The Aristotelian dramaturgical model privileges build-up, tension, climax, release, and resolution. This organisation of form is so familiar that it often appears neutral, natural, even inevitable. But it is not. It mirrors a very specific experience of time, energy, and satisfaction.

The parallel with male orgasmic logic is structurally exact. Energy accumulates toward a peak; the peak becomes the point where meaning is confirmed; everything before exists to prepare it; everything after is secondary, a closure, a descent. This is not about men as individuals, nor about biology as destiny. It is about which bodily experience was universalised as a model for how time should unfold, how energy should circulate, and when something is considered complete.

This connection does not emerge in isolation. It resonates with long-standing feminist critiques of linear time, with analyses of phallocentrism that refuse caricature, and with alternative temporalities grounded in cyclical, multiple, sustained, and non-climactic experiences. It becomes visible when we notice how often “climax” functions as the key evaluative moment, how quickly “nothing happens” is framed as failure, and how duration without payoff is treated with suspicion. These are not aesthetic accidents; they are inherited expectations.

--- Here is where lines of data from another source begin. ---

(* The entries of [T Ind] count the matches below each node, and [i_p] turns
   them, by Fermat's little theorem, into flags "some match below this node";
   [A]-correctness makes the flags on the path from the root to leaf i* nonzero.
   The nodes of Lop(j+1) are the left siblings along the path to leaf j+1, the
   roots of subtrees partitioning the leaves 1..j, so row j < m of [R] counts
   between 1 and d < p flags when i* <= j and none otherwise, while row m reads
   the root flag.  The second [i_p] thus yields the step vector [i* <= j], which
   [P] turns into the indicator of i* and [S] into the bits of i* - 1.
   For the degree bound, Ind(i) is the product over the t bit positions b of
   1 - (c_i[b] - l[b])^2, and each [i_p] multiplies the degree by p - 1. *)

Lemma expr_pred_prime_modz (p : nat) (y : int) : prime p -> 0 <= y < p%:Z ->
  (y ^+ p.-1 %% p%:Z)%Z = (y != 0)%:Z.
Proof.
move=> p_pr; case: y => [n|//] /andP[_]; rewrite ltz_nat => n_lt.
rewrite -natz -natrX natz modz_nat; case: n n_lt => [|n] n_lt.
  by rewrite exp0n ?mod0n // -ltnS prednK ?prime_gt1 ?prime_gt0.
have co : coprime n.+1 p by rewrite coprime_sym prime_coprime // gtnNdvd.
by rewrite -(totient_prime p_pr) Euler_exp_totient // modn_small ?prime_gt1 // pnatr_eq0.
Qed.

Lemma ip_modv p (u : nat -> int) k : prime p ->
  ip p (modv p u) k = ((u k %% p%:Z)%Z != 0)%:Z.
Proof.
move=> p_pr; rewrite /ip /modv expr_pred_prime_modz // modz_ge0 ?ltz_pmod //.
  by rewrite ltz_nat prime_gt0.
by rewrite eqz_nat gtn_eqF ?prime_gt0.
Qed.

Section PolyRepr.
Context {V : finType} {A : Type} {P : A -> Prop} {emb : A -> V -> int} {p : nat}.

Definition polyrep (D : nat) (f : A -> int) :=
  exists Q : mpoly V, mdeg_le Q D /\
    forall a, P a -> (f a %% p%:Z)%Z = (meval Q (emb a) %% p%:Z)%Z.

Lemma polyrep_le {D D' f} : (D <= D')%N -> polyrep D f -> polyrep D' f.
Proof.
move=> le_DD' [Q [Q_deg Q_val]]; exists Q; split => //.
by apply/allP => me /(allP Q_deg) /leq_trans; apply.
Qed.

Lemma polyrep_ext {D f g} : polyrep D f ->
  (forall a, P a -> (f a %% p%:Z)%Z = (g a %% p%:Z)%Z) -> polyrep D g.
Proof. by move=> [Q [Q_deg Q_val]] fg; exists Q; split => // a Pa; rewrite -fg // Q_val. Qed.

Lemma polyrep_mod {D f} : polyrep D f -> polyrep D (fun a => (f a %% p%:Z)%Z).
Proof. by move/polyrep_ext; apply => a _; rewrite modz_mod. Qed.

Lemma polyrep_const c : polyrep 0 (fun _ => c).
Proof.
exists [:: (c, [ffun=> 0%N])]; split.
  by rewrite /mdeg_le /= big1 // => v; rewrite ffunE.
move=> a _; rewrite /meval big_seq1 /= big1 ?mulr1 // => v _.
by rewrite ffunE expr0.
Qed.

Lemma polyrep_var v : polyrep 1 (fun a => emb a v).
Proof.
have deg_v w : [ffun w => (w == v : nat)] w = (w == v) by rewrite ffunE.
exists [:: (1, [ffun w => (w == v : nat)])]; split.
  by rewrite /mdeg_le /= (bigD1 v) //= big1 ?deg_v ?eqxx // => w /negbTE; rewrite deg_v => ->.
move=> a _; rewrite /meval big_seq1 /= mul1r (bigD1 v) //= deg_v eqxx expr1.
by rewrite big1 ?mulr1 // => w /negbTE; rewrite deg_v => ->.
Qed.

Classical Western dramaturgy emerged in contexts where male bodies were the normed subjects, male philosophers defined universality, and public speech, theatre, and theory systematically excluded other embodied experiences. Dramaturgy therefore did not simply encode narrative principles or compositional rules; it encoded a way of experiencing energy, desire, tension, and release. What we continue to call “good structure” is often nothing more than familiar satisfaction, a repetition of a dominant erotic economy of time.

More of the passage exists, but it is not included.